Exercise aim: Would you return the entries below exactly from the line containing "formal_first_integral c f." onward, ending with the final line and including it, and nothing else?

Source material:
^^^^^^^^
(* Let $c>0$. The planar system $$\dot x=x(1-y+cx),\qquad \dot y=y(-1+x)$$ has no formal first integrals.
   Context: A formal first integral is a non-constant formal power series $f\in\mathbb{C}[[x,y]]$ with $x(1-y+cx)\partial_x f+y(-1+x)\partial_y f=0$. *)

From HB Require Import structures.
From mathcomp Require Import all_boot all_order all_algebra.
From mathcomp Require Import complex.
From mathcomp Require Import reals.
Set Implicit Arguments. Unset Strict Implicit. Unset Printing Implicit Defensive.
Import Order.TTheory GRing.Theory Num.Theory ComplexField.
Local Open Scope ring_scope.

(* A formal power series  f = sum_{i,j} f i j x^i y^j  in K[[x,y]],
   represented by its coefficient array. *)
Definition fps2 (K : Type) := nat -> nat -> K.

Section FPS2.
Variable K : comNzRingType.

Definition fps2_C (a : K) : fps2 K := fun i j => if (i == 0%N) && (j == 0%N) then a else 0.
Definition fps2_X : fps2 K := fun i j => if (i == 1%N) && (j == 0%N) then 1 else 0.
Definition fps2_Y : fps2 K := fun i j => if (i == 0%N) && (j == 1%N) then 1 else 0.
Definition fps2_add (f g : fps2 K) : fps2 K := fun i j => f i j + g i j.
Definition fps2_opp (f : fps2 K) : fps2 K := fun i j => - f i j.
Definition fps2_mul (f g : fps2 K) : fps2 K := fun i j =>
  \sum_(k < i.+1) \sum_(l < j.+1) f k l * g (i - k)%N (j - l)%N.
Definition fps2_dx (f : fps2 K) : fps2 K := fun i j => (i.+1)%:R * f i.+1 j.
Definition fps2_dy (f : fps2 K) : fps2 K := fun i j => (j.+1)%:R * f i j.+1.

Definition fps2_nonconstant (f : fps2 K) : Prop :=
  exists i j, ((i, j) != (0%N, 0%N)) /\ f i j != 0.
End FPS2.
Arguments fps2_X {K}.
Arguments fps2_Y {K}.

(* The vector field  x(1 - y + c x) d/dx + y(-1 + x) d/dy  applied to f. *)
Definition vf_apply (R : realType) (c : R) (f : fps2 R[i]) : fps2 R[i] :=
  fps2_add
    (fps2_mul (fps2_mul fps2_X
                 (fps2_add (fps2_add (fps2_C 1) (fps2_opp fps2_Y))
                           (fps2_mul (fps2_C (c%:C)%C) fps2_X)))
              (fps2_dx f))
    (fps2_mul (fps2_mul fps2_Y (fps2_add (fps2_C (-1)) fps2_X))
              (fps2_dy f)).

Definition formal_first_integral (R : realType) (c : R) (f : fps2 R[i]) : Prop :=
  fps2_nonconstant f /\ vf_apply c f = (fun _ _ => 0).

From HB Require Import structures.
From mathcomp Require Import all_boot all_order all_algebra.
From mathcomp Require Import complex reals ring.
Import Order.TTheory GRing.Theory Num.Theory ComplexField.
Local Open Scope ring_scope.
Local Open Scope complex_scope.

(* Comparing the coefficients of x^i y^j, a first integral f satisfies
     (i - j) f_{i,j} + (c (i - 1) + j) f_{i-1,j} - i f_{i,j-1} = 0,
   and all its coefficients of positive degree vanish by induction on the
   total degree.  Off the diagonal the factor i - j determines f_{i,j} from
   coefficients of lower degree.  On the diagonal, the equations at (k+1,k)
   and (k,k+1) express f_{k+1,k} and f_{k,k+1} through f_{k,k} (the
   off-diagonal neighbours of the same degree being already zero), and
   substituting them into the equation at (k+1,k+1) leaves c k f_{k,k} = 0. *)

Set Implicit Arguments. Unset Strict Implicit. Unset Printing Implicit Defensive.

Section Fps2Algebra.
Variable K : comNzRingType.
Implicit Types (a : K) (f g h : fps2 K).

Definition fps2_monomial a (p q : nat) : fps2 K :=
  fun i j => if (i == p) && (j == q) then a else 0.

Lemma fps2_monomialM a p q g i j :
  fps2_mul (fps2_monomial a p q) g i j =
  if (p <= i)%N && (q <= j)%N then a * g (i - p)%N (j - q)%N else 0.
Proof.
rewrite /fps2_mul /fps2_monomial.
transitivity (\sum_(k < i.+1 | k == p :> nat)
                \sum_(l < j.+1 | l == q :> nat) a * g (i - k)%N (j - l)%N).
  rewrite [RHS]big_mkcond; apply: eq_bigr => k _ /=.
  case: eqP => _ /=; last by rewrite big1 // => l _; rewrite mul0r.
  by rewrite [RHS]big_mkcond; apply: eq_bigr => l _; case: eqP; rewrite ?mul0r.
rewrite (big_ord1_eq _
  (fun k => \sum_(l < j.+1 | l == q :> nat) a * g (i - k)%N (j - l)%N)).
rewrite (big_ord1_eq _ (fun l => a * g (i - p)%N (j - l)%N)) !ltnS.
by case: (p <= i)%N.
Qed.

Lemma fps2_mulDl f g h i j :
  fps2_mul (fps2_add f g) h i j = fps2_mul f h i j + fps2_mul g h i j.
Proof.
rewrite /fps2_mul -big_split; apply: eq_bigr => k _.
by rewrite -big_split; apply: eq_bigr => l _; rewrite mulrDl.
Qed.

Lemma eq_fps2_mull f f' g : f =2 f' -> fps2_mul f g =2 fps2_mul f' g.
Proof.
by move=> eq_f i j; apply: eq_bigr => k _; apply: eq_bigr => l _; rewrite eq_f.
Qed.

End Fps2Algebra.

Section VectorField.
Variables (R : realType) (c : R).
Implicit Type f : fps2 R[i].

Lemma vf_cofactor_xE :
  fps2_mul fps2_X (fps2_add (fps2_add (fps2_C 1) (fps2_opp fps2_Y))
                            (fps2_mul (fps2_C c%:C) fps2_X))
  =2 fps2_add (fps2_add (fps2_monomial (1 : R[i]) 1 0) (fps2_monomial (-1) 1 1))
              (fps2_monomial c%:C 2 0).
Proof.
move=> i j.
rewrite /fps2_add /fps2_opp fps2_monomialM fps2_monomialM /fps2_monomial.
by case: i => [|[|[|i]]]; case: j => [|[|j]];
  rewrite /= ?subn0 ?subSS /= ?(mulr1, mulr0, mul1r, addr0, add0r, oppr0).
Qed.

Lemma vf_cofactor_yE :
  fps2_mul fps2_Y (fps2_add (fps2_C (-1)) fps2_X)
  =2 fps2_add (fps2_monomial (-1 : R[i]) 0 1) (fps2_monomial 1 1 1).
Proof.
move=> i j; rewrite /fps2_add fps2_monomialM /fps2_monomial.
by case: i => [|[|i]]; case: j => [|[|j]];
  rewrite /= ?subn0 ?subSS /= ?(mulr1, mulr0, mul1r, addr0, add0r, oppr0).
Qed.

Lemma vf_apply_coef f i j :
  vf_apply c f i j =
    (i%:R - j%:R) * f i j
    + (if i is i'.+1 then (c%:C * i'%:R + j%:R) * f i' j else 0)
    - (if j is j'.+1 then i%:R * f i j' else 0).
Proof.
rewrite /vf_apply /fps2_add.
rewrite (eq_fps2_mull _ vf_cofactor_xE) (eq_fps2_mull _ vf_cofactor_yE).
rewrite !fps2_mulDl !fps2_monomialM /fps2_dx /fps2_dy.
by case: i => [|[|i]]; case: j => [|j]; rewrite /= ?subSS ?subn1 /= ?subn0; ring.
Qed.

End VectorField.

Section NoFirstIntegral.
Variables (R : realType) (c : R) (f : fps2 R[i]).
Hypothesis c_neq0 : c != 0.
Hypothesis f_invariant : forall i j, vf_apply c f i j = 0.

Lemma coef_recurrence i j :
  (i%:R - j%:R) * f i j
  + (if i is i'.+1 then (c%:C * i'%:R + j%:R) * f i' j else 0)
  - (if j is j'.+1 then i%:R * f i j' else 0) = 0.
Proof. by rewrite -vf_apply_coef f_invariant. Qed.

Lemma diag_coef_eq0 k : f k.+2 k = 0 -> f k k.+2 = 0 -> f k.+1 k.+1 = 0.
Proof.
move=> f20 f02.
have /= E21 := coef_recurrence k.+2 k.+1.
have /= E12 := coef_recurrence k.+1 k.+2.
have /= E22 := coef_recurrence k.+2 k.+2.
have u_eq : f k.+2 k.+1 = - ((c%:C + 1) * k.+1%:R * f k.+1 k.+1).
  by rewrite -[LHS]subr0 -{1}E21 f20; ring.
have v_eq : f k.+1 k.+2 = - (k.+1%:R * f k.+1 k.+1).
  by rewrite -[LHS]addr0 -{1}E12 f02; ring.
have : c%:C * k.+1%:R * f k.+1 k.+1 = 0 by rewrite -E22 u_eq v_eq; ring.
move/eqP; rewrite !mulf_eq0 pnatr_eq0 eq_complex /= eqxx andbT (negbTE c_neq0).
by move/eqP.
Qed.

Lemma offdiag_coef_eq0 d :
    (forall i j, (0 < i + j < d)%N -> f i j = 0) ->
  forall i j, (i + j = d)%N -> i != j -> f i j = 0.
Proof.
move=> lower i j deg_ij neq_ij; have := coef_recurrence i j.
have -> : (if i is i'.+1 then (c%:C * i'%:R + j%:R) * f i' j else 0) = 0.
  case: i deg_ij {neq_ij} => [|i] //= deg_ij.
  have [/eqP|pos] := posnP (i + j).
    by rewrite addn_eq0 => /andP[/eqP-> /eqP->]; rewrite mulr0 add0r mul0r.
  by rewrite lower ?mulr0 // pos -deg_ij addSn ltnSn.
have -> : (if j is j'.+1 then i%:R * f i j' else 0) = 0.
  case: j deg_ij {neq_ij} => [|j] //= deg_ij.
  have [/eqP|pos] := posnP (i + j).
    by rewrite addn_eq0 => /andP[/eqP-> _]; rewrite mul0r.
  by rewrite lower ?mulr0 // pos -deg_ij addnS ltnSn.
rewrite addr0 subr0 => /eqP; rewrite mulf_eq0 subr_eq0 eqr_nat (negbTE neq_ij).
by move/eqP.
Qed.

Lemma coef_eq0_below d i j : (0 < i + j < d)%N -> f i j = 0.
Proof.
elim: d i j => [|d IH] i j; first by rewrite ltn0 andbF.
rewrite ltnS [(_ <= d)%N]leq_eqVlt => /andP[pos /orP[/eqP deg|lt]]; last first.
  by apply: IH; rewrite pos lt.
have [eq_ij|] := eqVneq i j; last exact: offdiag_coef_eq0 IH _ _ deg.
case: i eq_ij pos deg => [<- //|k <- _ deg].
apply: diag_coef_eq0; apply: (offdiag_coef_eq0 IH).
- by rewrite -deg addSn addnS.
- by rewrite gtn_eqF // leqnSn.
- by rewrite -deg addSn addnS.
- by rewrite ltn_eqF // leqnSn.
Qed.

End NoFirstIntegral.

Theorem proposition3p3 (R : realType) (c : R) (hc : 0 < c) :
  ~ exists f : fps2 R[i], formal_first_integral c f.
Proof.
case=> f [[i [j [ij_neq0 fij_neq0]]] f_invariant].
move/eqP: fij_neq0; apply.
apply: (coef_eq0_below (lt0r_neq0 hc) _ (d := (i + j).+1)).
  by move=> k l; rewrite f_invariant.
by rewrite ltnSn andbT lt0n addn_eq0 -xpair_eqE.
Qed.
^^^^^^^^
Exercise solution:
  ~ exists f : fps2 R[i], formal_first_integral c f.
Proof.
case=> f [[i [j [ij_neq0 fij_neq0]]] f_invariant].
move/eqP: fij_neq0; apply.
apply: (coef_eq0_below (lt0r_neq0 hc) _ (d := (i + j).+1)).
  by move=> k l; rewrite f_invariant.
by rewrite ltnSn andbT lt0n addn_eq0 -xpair_eqE.
Qed.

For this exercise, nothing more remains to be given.